Except that he did... and he has. And while his babyhood is a blur, his childhood is becoming a raw and vivid memory because that's the season we are in. I sit here and I wonder, in their short amount of time--their four and five years of living on this Earth, will they remember the wrongs? 

I doubt any child remembers their youth as being perfect (because parents are human, and WE, are human). But lately I've wondered, how will they remember me? Pierson is my sensitive soul. If I raise my voice even a smidge, he winces and closes his eyes. I didn't lay a finger ON him, yet somehow his heart is shattered and his feelings are in disarray all over the ground. And then there's his sister, who I for the life of me and honest to God, cannot figure out. She can be so head strong and so TOUGH, and most days it doesn't feel as if anything I say or do affects her whatsoever. Can you guess what that translates to for me...? 

Anger. 

A LOT of anger. I often feel that my life is a permanent profession of redirecting and saying phrases like, "Please stop. DON'T do that. You NEED to listen. You need to go to time out. Okay, I'm done. NO!" And then I remind myself--I am currently teaching kindergarten through fifth grades AND I have a four and a five year old at home. Oh, hello! 

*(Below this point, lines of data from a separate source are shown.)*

(* Let $\lambda\in\Lambda$ be such that $V_O\cap V_\lambda\neq\emptyset$. Then $V_O\cap V_\lambda$ is contained in an affine subspace of $H$ of codimension equal to the genus of the oriented graph $\mathrm{supp}(\lambda)$. In particular, if $V_O\cap V_\lambda$ is a face of codimension one of $V_O$, then $\mathrm{supp}(\lambda)$ is a circuit $C$ and $\lambda=x^C$.
   Context: $G=(V,E)$ is a finite connected graph, possibly with parallel edges and loops; $\mathbb E$ is the set of oriented edges ($e$ and its reverse $\bar e$). Real $1$-chains $x:\mathbb E\to\mathbb R$ satisfy $x_{\bar e}=-x_e$; $\langle x,y\rangle=\sum_{e\in E}x_ey_e$, $q(x)=\langle x,x\rangle$. A flow satisfies $\sum_{e\text{ with tail }v}x_e=0$ at every vertex $v$; $H$ is the space of real flows and $\Lambda$ the lattice of integer flows. $V_\lambda=\{x\in H: q(x-\lambda)\le q(x-\mu)\ \forall\mu\in\Lambda\}$, $O$ the origin. For a flow $x$, $\mathrm{supp}(x)=\{e\in\mathbb E: x_e>0\}$, viewed as an oriented subgraph; its genus is the first Betti number of the underlying graph. A circuit is an orientation of a cycle as a directed cycle (a loop is a circuit of length one). For an oriented subgraph $D$ (containing at most one of $e,\bar e$ per edge), $x^D$ is the $1$-chain with $x^D_e=1$ if $e\in D$, $-1$ if $\bar e\in D$, $0$ otherwise. *)

From HB Require Import structures.
From mathcomp Require Import all_boot all_order all_algebra.
Set Implicit Arguments. Unset Strict Implicit. Unset Printing Implicit Defensive.
Import Order.TTheory GRing.Theory Num.Theory.
Local Open Scope ring_scope.

(* A finite graph G with vertex set 'I_n and edge set 'I_m (parallel edges and
   loops allowed); each edge e carries a reference orientation src e -> tgt e.
   The oriented edges are the pairs (e, b) : 'I_m * bool, where (e, true) is
   e in its reference orientation and (e, false) is its reverse \bar e.
   A real 1-chain x (with x_{\bar e} = - x_e) is encoded by the row vector
   x : 'rV[R]_m of its values on the reference orientations. *)

Section GraphFlows.
Variables (R : realFieldType) (n m : nat) (src tgt : 'I_m -> 'I_n).

Definition sub_adj (A : pred 'I_m) : rel 'I_n :=
  fun u v => [exists e, A e &&
    (((src e == u) && (tgt e == v)) || ((src e == v) && (tgt e == u)))].

Definition connected_graph : Prop :=
  forall u v : 'I_n, connect (sub_adj predT) u v.
(* Let $k=k(n)$ be integers with $1\le k=O(\log n)$ and let $\varphi(n)=o(1/k(n))$. For every $\eta>0$ there is $n_0$ such that for all $n\ge n_0$, every integer $r>(1/2-\varphi(n))n$, every $x\in Q$ and every $X\subseteq Q$ with $\mu(X)\le\mu(Q_r)$, $$\Pr(T(x)\in X)<(1+\eta)\mu(Q_r).$$
   Context: $Q=\{0,1\}^n$ with uniform probability measure $\mu$; for $y\in Q$, $|y|=\sum_i y_i$, and $Q_r=\{y\in Q: |y|\le r\}$. For $x\in Q$, $T(x)$ is the random element of $Q$ obtained by choosing $K$ uniformly from the $k$-subsets of $[n]$, keeping $x_i$ for $i\in K$, and replacing each $x_i$ with $i\notin K$ by an independent uniform bit. *)

From mathcomp Require Import all_boot.
From Stdlib Require Import Reals.

Set Implicit Arguments.
Unset Strict Implicit.
Unset Printing Implicit Defensive.

Definition cube (n : nat) := {ffun 'I_n -> bool}.

Definition weight (n : nat) (y : cube n) : nat := #|[set i : 'I_n | y i]|.

Definition Qball (n r : nat) : {set cube n} := [set y : cube n | weight y <= r].

(* For a fixed k-set K, the number of outcomes y of the resampling (y agrees
   with x on K, free elsewhere; 2^(n-k) equally likely outcomes) landing in X.
   Summed over all k-subsets K of [n]. *)
Definition hitCount (n k : nat) (x : cube n) (X : {set cube n}) : nat :=
  \sum_(K : {set 'I_n} | #|K| == k)
     #|[set y in X | [forall i in K, y i == x i]]|.

Local Open Scope R_scope.

Definition mu (n : nat) (A : {set cube n}) : R := INR #|A| / 2 ^ n.

(* Pr(T(x) in X): K uniform among the C(n,k) k-subsets, the n-k other bits
   independent uniform. *)
Definition PrT (n k : nat) (x : cube n) (X : {set cube n}) : R :=
  INR (hitCount k x X) / (INR 'C(n, k) * 2 ^ (n - k)).

From Stdlib Require Import Reals Lra.
From mathcomp Require Import all_boot zify.

(* Proof outline.  Write m = n - k and vol m r = sum_(j <= r) C(m, j) for the
   volume of a Hamming ball of radius r in {0,1}^m.

   A point y at distance d from x is produced by
      exactly C(n - d, k) of the kept sets K, so hitCount k x X is a sum over X
      of a decreasing function of the distance to x.  By rearrangement it is
      maximised, among sets no larger than Q_r, by the ball of radius r around
      x, which gives  hitCount <= C(n, k) vol (n - k) r.
   2. Binomial estimates.  vol m r is the sum of its top window of k terms and
      of vol m (r - k).  Close to the middle layer consecutive binomial
      coefficients have ratio close to 1, so the top window is at most 2/T of
      the T windows below it, whence T vol m r <= (T + 2) vol m (r - k); and
      2^k vol m (r - k) <= vol n r by Pascal's rule.
   3. Asymptotics.  Since k = O(log n) and phi k = o(1), we have k^2 = o(n) and
      phi n k = o(n), which puts m, k, r in the regime of step 2 for n large.
   Choosing T > 2/eta yields Pr(T(x) in X) <= (1 + 2/T) mu(Q_r) < (1 + eta) mu(Q_r). *)

Local Open Scope nat_scope.

Definition vol (m r : nat) : nat := \sum_(j < r.+1) 'C(m, j).

Lemma vol_S m r : vol m r.+1 = vol m r + 'C(m, r.+1).
Proof. by rewrite /vol big_ord_recr. Qed.

Lemma vol_gt0 m r : 0 < vol m r.
Proof. by rewrite /vol big_ord_recl bin0. Qed.

Lemma card_small_subsets (T : finType) (B : {set T}) r :
  #|[set A : {set T} | A \subset B & #|A| <= r]| = vol #|B| r.
Proof.
elim: r => [|r IH].
  rewrite /vol big_ord_recr big_ord0 /= -cards_draws.
  by apply: eq_card => A; rewrite !inE leqn0.
pose small j := [set A : {set T} | A \subset B & #|A| <= j].
pose top := [set A : {set T} | A \subset B & #|A| == r.+1].
have split_r : small r.+1 = small r :|: top.
  apply/setP => A; rewrite !inE leq_eqVlt ltnS.
  by case: (A \subset B) => //=; rewrite orbC.
have disj : small r :&: top = set0.
  apply/setP => A; rewrite !inE.
  by case: (A \subset B) => //=; case: eqP => [->|]; rewrite ?ltnn ?andbF.
change (#|small r.+1| = vol #|B| r.+1).
by rewrite split_r cardsU disj cards0 subn0 IH cards_draws vol_S.
Qed.

Lemma card_setI_pred (T : finType) (X : {set T}) (P : pred T) :
  #|[set y in X | P y]| = \sum_(y in X) P y.
Proof.
rewrite -sum1_card big_mkcond /= [RHS]big_mkcond; apply: eq_bigr => y _.
by rewrite inE; case: (y \in X); case: (P y).
Qed.

Lemma sum_le_superlevel (T : finType) (X B : {set T}) (f : T -> nat) c :
  #|X| <= #|B| -> {in B, forall y, c <= f y} -> {in ~: B, forall y, f y <= c} ->
  \sum_(y in X) f y <= \sum_(y in B) f y.
Proof.
move=> cardXB fB fnB.
rewrite (big_setID B) [in X in _ <= X](big_setID X) /= setIC leq_add2l.
apply: (@leq_trans (#|X :\: B| * c)).
  rewrite -sum_nat_const; apply: leq_sum => y; rewrite inE => /andP[yB _].
  by apply: fnB; rewrite inE.
apply: (@leq_trans (#|B :\: X| * c)).
  rewrite leq_mul2r; apply/orP; right.
  by move: cardXB; rewrite -(cardsID B X) -(cardsID X B) setIC; lia.
rewrite -sum_nat_const; apply: leq_sum => y; rewrite inE => /andP[_ yB].
exact: fB.
Qed.

Section HammingCube.
Variable n : nat.

Definition diffset (x y : cube n) : {set 'I_n} := [set i | y i != x i].
Definition flip (x : cube n) (S : {set 'I_n}) : cube n := [ffun i => (i \in S) (+) x i].

Lemma diffset_flip x S : diffset x (flip x S) = S.
Proof. by apply/setP => i; rewrite !inE ffunE; case: (i \in S); case: (x i). Qed.

Lemma flip_diffset x y : flip x (diffset x y) = y.
Proof. by apply/ffunP => i; rewrite !ffunE !inE; case: (y i); case: (x i). Qed.

Lemma card_by_diffset x (P : pred {set 'I_n}) :
  #|[set y : cube n | P (diffset x y)]| = #|[set S : {set 'I_n} | P S]|.
Proof.
rewrite -(card_imset _ (can_inj (flip_diffset x))); apply: eq_card => S.
rewrite [in RHS]inE; apply/imsetP/idP => [[y]|PS].
  by rewrite inE => Py ->.
by exists (flip x S); rewrite ?inE diffset_flip.
Qed.

Definition hball (x : cube n) (r : nat) : {set cube n} :=
  [set y : cube n | #|diffset x y| <= r].

Lemma card_hball x r : #|hball x r| = vol n r.
Proof.
rewrite (card_by_diffset x (fun S => #|S| <= r)) -[n in vol n r]card_ord.
rewrite -cardsT -card_small_subsets.
by apply: eq_card => S; rewrite !inE subsetT.
Qed.

Lemma Qball_hball r : Qball n r = hball [ffun => false] r.
Proof.
apply/setP => y; rewrite !inE /weight.
suff -> : [set i | y i] = diffset [ffun => false] y by [].
by apply/setP => i; rewrite !inE ffunE; case: (y i).
Qed.

Lemma card_Qball r : #|Qball n r| = vol n r.
Proof. by rewrite Qball_hball card_hball. Qed.

Lemma agree_subset (x y : cube n) (K : {set 'I_n}) :
  [forall i in K, y i == x i] = (K \subset ~: diffset x y).
Proof.
apply/forall_inP/subsetP => H i Hi.
  by rewrite !inE negbK; apply: H.
by move: (H i Hi); rewrite !inE negbK.
Qed.

Lemma card_complement (S : {set 'I_n}) : #|~: S| = n - #|S|.
Proof. by have := cardsC S; rewrite card_ord; lia. Qed.

Lemma hitCountE k x (X : {set cube n}) :
  hitCount k x X = \sum_(y in X) 'C(n - #|diffset x y|, k).
Proof.
rewrite /hitCount.
under [LHS]eq_bigr => K _ do rewrite (@card_setI_pred _ X (fun y => [forall i in K, y i == x i])).
rewrite exchange_big /=; apply: eq_bigr => y _.
rewrite -card_complement -cards_draws -sum1_card big_mkcond /=.
rewrite [RHS]big_mkcond /=; apply: eq_bigr => K _.
by rewrite !inE agree_subset andbC; case: (_ \subset _); case: (_ == k).
Qed.

(* The resampling hits the ball around x exactly C(n,k) vol(n-k,r) times:
   for each kept set K the free coordinates form a cube of dimension n - k. *)
Lemma hitCount_hball k x r : hitCount k x (hball x r) = 'C(n, k) * vol (n - k) r.
Proof.
rewrite /hitCount -[n in 'C(n, k)]card_ord -card_draws -sum_nat_cond_const.
apply: eq_bigr => K /eqP cardK.
rewrite -cardK -card_complement -card_small_subsets.
rewrite -(card_by_diffset x (fun S => (S \subset ~: K) && (#|S| <= r))).
by apply: eq_card => y; rewrite !inE agree_subset subsetC andbC.
Qed.

Lemma hitCount_le k x (X : {set cube n}) r :
  #|X| <= #|Qball n r| -> hitCount k x X <= 'C(n, k) * vol (n - k) r.
Proof.
move=> cardX; rewrite -(hitCount_hball k x r) !hitCountE.
apply: (@sum_le_superlevel _ X (hball x r) _ 'C(n - r, k)).
- by rewrite card_hball -card_Qball.
- by move=> y; rewrite inE => dy; apply: leq_bin2l; lia.
- by move=> y; rewrite !inE -ltnNge => dy; apply: leq_bin2l; lia.
Qed.

End HammingCube.

Lemma vol_SS m r : vol m.+1 r.+1 = vol m r.+1 + vol m r.
Proof.
rewrite /vol big_ord_recl [X in _ = X + _]big_ord_recl /= !bin0.
under eq_bigr => i _ do rewrite /bump /= add1n binS.
by rewrite big_split /= -addnA.
Qed.

Lemma vol_mono m r : vol m r <= vol m r.+1.
Proof. by rewrite vol_S leq_addr. Qed.

Lemma vol_shift m k r : k <= r -> 2 ^ k * vol m (r - k) <= vol (m + k) r.
Proof.
elim: k r => [|k IH] r hk; first by rewrite expn0 mul1n subn0 addn0.
case: r hk => [//|r] hk.
rewrite addnS vol_SS expnS -mulnA subSS.
apply: (@leq_trans (2 * vol (m + k) r)); first by rewrite leq_mul2l IH.
by rewrite mul2n -addnn leq_add2r vol_mono.
Qed.
(* Let $p\ge 1$ be an integer. Then $\lambda_{\min}(\mathcal U'(p)^c)$ is the least real root of the polynomial $$g(\lambda;p)=(-4+2p)+(3-5p)\lambda+(6-p)\lambda^2+(1+4p)\lambda^3+(-2+p)\lambda^4-\lambda^5 .$$
   Context: All graphs are simple and finite. For a graph $G$, $\lambda_{\min}(G)$ denotes the least eigenvalue of the adjacency matrix $A(G)$, and $G^c$ denotes the complement of $G$. $K_{1,p}$ is the star with $p$ edges, whose degree-one vertices are called pendant vertices. For an integer $p\ge 1$, $\mathcal U'(p)$ is the graph of order $p+4$ obtained from disjoint copies of $K_{1,p}$ and the triangle $C_3$ by adding one edge joining a pendant vertex of $K_{1,p}$ to a vertex of $C_3$. *)

From HB Require Import structures.
From mathcomp Require Import all_boot all_order all_algebra.
Set Implicit Arguments. Unset Strict Implicit. Unset Printing Implicit Defensive.
Import Order.TTheory GRing.Theory Num.Theory.
Local Open Scope ring_scope.

Definition adj_mx (R : nzRingType) (n : nat) (e : rel 'I_n) : 'M[R]_n :=
  \matrix_(i, j) (e i j)%:R.

Definition compl_graph (n : nat) (e : rel 'I_n) : rel 'I_n :=
  fun i j => (i != j) && ~~ e i j.

(* The graph U'(p) on vertices 0..p+3:
   0 = centre of K_{1,p}; 1..p = pendant vertices of K_{1,p};
   p+1, p+2, p+3 = triangle C_3; extra edge {1, p+1}. *)
Definition Uprime_edge0 (p i j : nat) : bool :=
  [|| (i == 0)%N && (1 <= j <= p)%N,
      [&& (p.+1 <= i)%N, (p.+1 <= j)%N, (i <= p + 3)%N, (j <= p + 3)%N & i != j]
    | (i == 1)%N && (j == p.+1)%N ].

Definition Uprime (p : nat) : rel 'I_(p + 4) :=
  fun i j => Uprime_edge0 p i j || Uprime_edge0 p j i.

Definition is_lambda_min (R : rcfType) (n : nat) (A : 'M[R]_n) (x : R) : Prop :=
  eigenvalue A x /\ forall y : R, eigenvalue A y -> x <= y.

Definition is_least_root (R : rcfType) (q : {poly R}) (x : R) : Prop :=
  root q x /\ forall y : R, root q y -> x <= y.

Definition gpoly (R : rcfType) (p : nat) : {poly R} :=
  let P : R := p%:R in
    ((-4) + 2 * P)%:P
  + (3 - 5 * P)%:P * 'X
  + (6 - P)%:P * 'X^2
  + (1 + 4 * P)%:P * 'X^3
  + ((-2) + P)%:P * 'X^4
  - 'X^5.

Arguments Uprime p : clear implicits.

From HB Require Import structures.
From mathcomp Require Import all_boot all_order all_algebra zify ring lra.
From mathcomp Require Import polyrcf.
Import Order.TTheory GRing.Theory Num.Theory.
Set Implicit Arguments. Unset Strict Implicit. Unset Printing Implicit Defensive.
Local Open Scope ring_scope.

(* Vertices of U'(p) are 0 (centre of the star), 1 (the pendant joined to the
   triangle), 2..p (the other pendants), p+1 (the triangle vertex joined to 1)
   and p+2, p+3 (the remaining triangle vertices).  These five classes form an
   equitable partition of the complement graph: lifting a vector indexed by
   the classes to the vertices intertwines the adjacency matrix of U'(p)^c
   with a 5x5 quotient matrix Q (lift_mul_compl), and det (Q - y) = g(y)
   (det_quot, by Laplace expansion).  Hence every root of g is an eigenvalue
   of U'(p)^c, and conversely every eigenvalue y < -2 is a root of g, since an
   eigenvector for such y is constant on each class (y <> -1 equalizes the
   pendants 2..p, y <> 0 equalizes p+2 and p+3).  Finally g(-5) > 0 > g(-2),
   so the least root of g lies below -2 and is the least eigenvalue. *)

Lemma adj_compl (R : nzRingType) n (e : rel 'I_n) : irreflexive e ->
  adj_mx R (compl_graph e) = const_mx 1 - 1%:M - adj_mx R e.
Proof.
move=> irr_e; apply/matrixP => i j; rewrite !mxE /compl_graph.
have [<-|_] := eqVneq i j; first by rewrite irr_e subrr subr0.
by case: (e i j); rewrite /= ?subr0 ?subrr.
Qed.
(* The 2x2 principal minors of a positive semidefinite matrix are nonnegative:
   evaluate the form on t e_i - A_ji e_j for t >= 0. *)
Lemma psd_entry A i j : psd A -> `|A i j| ^+ 2 <= A i i * A j j.
Proof.
move=> hA; apply: quadratic_nonneg_bound; rewrite ?psd_diag_ge0 ?exprn_ge0 // => t ht.
have := hA.2 (t *: basis_vec i + (- A j i) *: basis_vec j).
rewrite form_pair (psd_herm _ i j hA) (geC0_conj ht) normCK !rmorphN /= conjCK.
by congr (0 <= _); ring.
Qed.

Lemma psd_tr_ge0 A : psd A -> 0 <= \tr A.
Proof. by move=> hA; apply: sumr_ge0 => i _; exact: psd_diag_ge0. Qed.

Lemma psd_frobenius A : psd A -> \sum_(p : 'I_n * 'I_n) `|A p.1 p.2| ^+ 2 <= \tr A ^+ 2.
Proof.
move=> hA; rewrite /mxtrace expr2 big_distrlr pair_bigA /=.
by apply: ler_sum => p _; exact: psd_entry.
Qed.
End PositiveSemidefinite.

Lemma choiE (R : rcfType) d1 d2 (L : 'M[R[i]]_d1 -> 'M[R[i]]_d2) i j k l :
  choi L (mxtens_index (i, k)) (mxtens_index (j, l)) = L (delta_mx i j) k l.
Proof.
rewrite /choi summxE (bigD1 i) //= [X in _ + X]big1 => [|i' hi']; rewrite summxE.
  rewrite addr0 (bigD1 j) //= [X in _ + X]big1 => [|j' hj']; rewrite tensmxE mxE.
    by rewrite !eqxx mul1r addr0.
  by rewrite eqxx eq_sym (negPf hj') mul0r.
by rewrite big1 // => j' _; rewrite tensmxE mxE eq_sym (negPf hi') mul0r.
Qed.

Lemma mxtrace_mul_delta (F : comPzRingType) n (A : 'M[F]_n) i j :
  \tr (A *m delta_mx i j) = A j i.
Proof.
rewrite /mxtrace (bigD1 j) //= [X in _ + X]big1 => [|x hx]; rewrite mxE.
  rewrite addr0 (bigD1 i) //= [X in _ + X]big1 => [|y hy]; rewrite mxE ?eqxx ?mulr1 ?addr0 //.
  by rewrite (negPf hy) mulr0.
by rewrite big1 // => y _; rewrite mxE (negPf hx) andbF mulr0.
Qed.

Lemma frobenius_tr (F : numDomainType) n (A : 'M[F]_n) :
  \sum_(p : 'I_n * 'I_n) `|A^T p.1 p.2| ^+ 2 = \sum_(p : 'I_n * 'I_n) `|A p.1 p.2| ^+ 2.
Proof.
rewrite -(pair_bigA _ (fun i j => `|A^T i j| ^+ 2)) -(pair_bigA _ (fun i j => `|A i j| ^+ 2)).
by rewrite exchange_big; apply: eq_bigr => i _; apply: eq_bigr => j _; rewrite mxE.
Qed.

Section PauliCoefficients.
Variable R : rcfType.
Local Notation C := (R[i]).
Variable N : nat.
Local Notation d := (2 ^ N)%N.
Local Notation index2 := ('I_d * 'I_d)%type.
Local Notation pstring := {ffun 'I_N -> 'I_4}.

Definition pauli_coef (A : 'M[C]_d) (g : pstring) : C :=
  \sum_(p : index2) A p.1 p.2 * (pauliN R g p.1 p.2)^*.
(* With [s = sqrt 3] and [u] a unit vector, the hypotheses say that [a] and [b]
   lie in the half-open cone of angle 60 degrees starting at direction [u]:
   in the frame [(u, u^perp)], [a] has coordinates [(p, q)] with [0 <= q < s p]. *)
Lemma cone60_dot_gt (s u1 u2 a1 a2 b1 b2 r2 : R) :
  s ^+ 2 = 3 -> 0 < s -> u1 ^+ 2 + u2 ^+ 2 = 1 ->
  0 <= u1 * a2 - u2 * a1 < s * (u1 * a1 + u2 * a2) ->
  0 <= u1 * b2 - u2 * b1 < s * (u1 * b1 + u2 * b2) ->
  a1 ^+ 2 + a2 ^+ 2 = r2 -> b1 ^+ 2 + b2 ^+ 2 = r2 -> 0 < r2 ->
  r2 < 2 * (a1 * b1 + a2 * b2).
Proof.
move=> s3 s0 hu /andP[qa pa] /andP[qb pb] ha hb r0.
set p := u1 * a1 + u2 * a2 in pa *; set q := u1 * a2 - u2 * a1 in qa pa *.
set p' := u1 * b1 + u2 * b2 in pb *; set q' := u1 * b2 - u2 * b1 in qb pb *.
have p_gt0 : 0 < p by rewrite -(pmulr_rgt0 _ s0); apply: le_lt_trans pa.
have p'_gt0 : 0 < p' by rewrite -(pmulr_rgt0 _ s0); apply: le_lt_trans pb.
have dot_frame : a1 * b1 + a2 * b2 = p * p' + q * q'.
  by rewrite -[LHS]mulr1 -hu /p /p' /q /q'; ring.
have lagrange : (p * p' + q * q') ^+ 2 + (p' * q - q' * p) ^+ 2 = r2 ^+ 2.
  have -> : r2 ^+ 2 = (u1 ^+ 2 + u2 ^+ 2) ^+ 2 * (a1 ^+ 2 + a2 ^+ 2) * (b1 ^+ 2 + b2 ^+ 2).
    by rewrite hu ha hb expr1n mul1r.
  by rewrite /p /p' /q /q'; ring.
have dot_gt0 : 0 < p * p' + q * q'.
  by apply: ltr_pwDl; rewrite ?mulr_ge0 ?mulr_gt0.
(* the angle between [a] and [b] is less than 60 degrees: |tan| < sqrt 3 *)
have cross_lt : `|p' * q - q' * p| < s * (p * p' + q * q').
  have h1 : q * p' < s * p * p' by rewrite ltr_pM2r.
  have h2 : q' * p < s * p' * p by rewrite ltr_pM2r.
  have h3 : 0 <= s * q * q' by rewrite !mulr_ge0 // ltW.
  rewrite ltr_norml; apply/andP; split; nra.
have cross_sq : (p' * q - q' * p) ^+ 2 < 3 * (p * p' + q * q') ^+ 2.
  rewrite -s3 -exprMn -real_normK ?num_real //.
  by rewrite ltrXn2r ?normr_ge0 // mulr_ge0 // ltW.
rewrite dot_frame; nra.
Qed.

(* The six half-open cones of angle 60 degrees starting at directions [k * 60]
   degrees; [s] stands for [sqrt 3], and [A = s * v.1] is kept as an atom so that
   membership is linear. *)
Definition in_sector (s : R) (k : nat) (v : pt R) : bool :=
  let A := s * v.1 in let b := v.2 in
  match k with
  | 0 => (0 <= b) && (b < A)
  | 1 => (A <= b) && (0 < A + b)
  | 2 => (b + A <= 0) && (0 < b)
  | 3 => (b <= 0) && (A < b)
  | 4 => (b <= A) && (A + b < 0)
  | _ => (0 <= b + A) && (b < 0)
  end.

But this really isn't about her--or him. It's about moms. And the fact that I think there are a LOT of you who are scared of being bad at your job. But the truth is, you aren't. I just bought Jen Hatmaker's newest book, "Of Mess and Moxie," and it arrived at THE perfect time. She said this, which I just loved: 

"Friends...I believe we can take a handful of things quite seriously as parents and take the rest less seriously, and it is all going to be okay. You are doing an amazing job. Your children know that they are loved and have felt it all these years deeply, intrinsically. If we get seven out of ten things mostly right as moms, we are winning the majority, and the majority wins the race." (Pg 17). 

It's actually taken me over a month to finish this post, because guess what, today we just set up our CHRISTMAS TREE. No, Thanksgiving hasn't even passed, but I'm a blogger and our family LOVES Christmas so yeah, we're way early. But the truth is, this fear of mine hasn't changed. I think it was ingrained in me before my son ever entered this world and I'm not certain that it will ever go away. But maybe it's okay to be a little scared. Maybe it's okay that we STRIVE for goodness--that we don't give up, that we keep going, that we keep praying, and disciplining, and hugging, and crying. 

Maybe it's okay that we want to be good moms. And maybe it's okay that sometimes we are scared.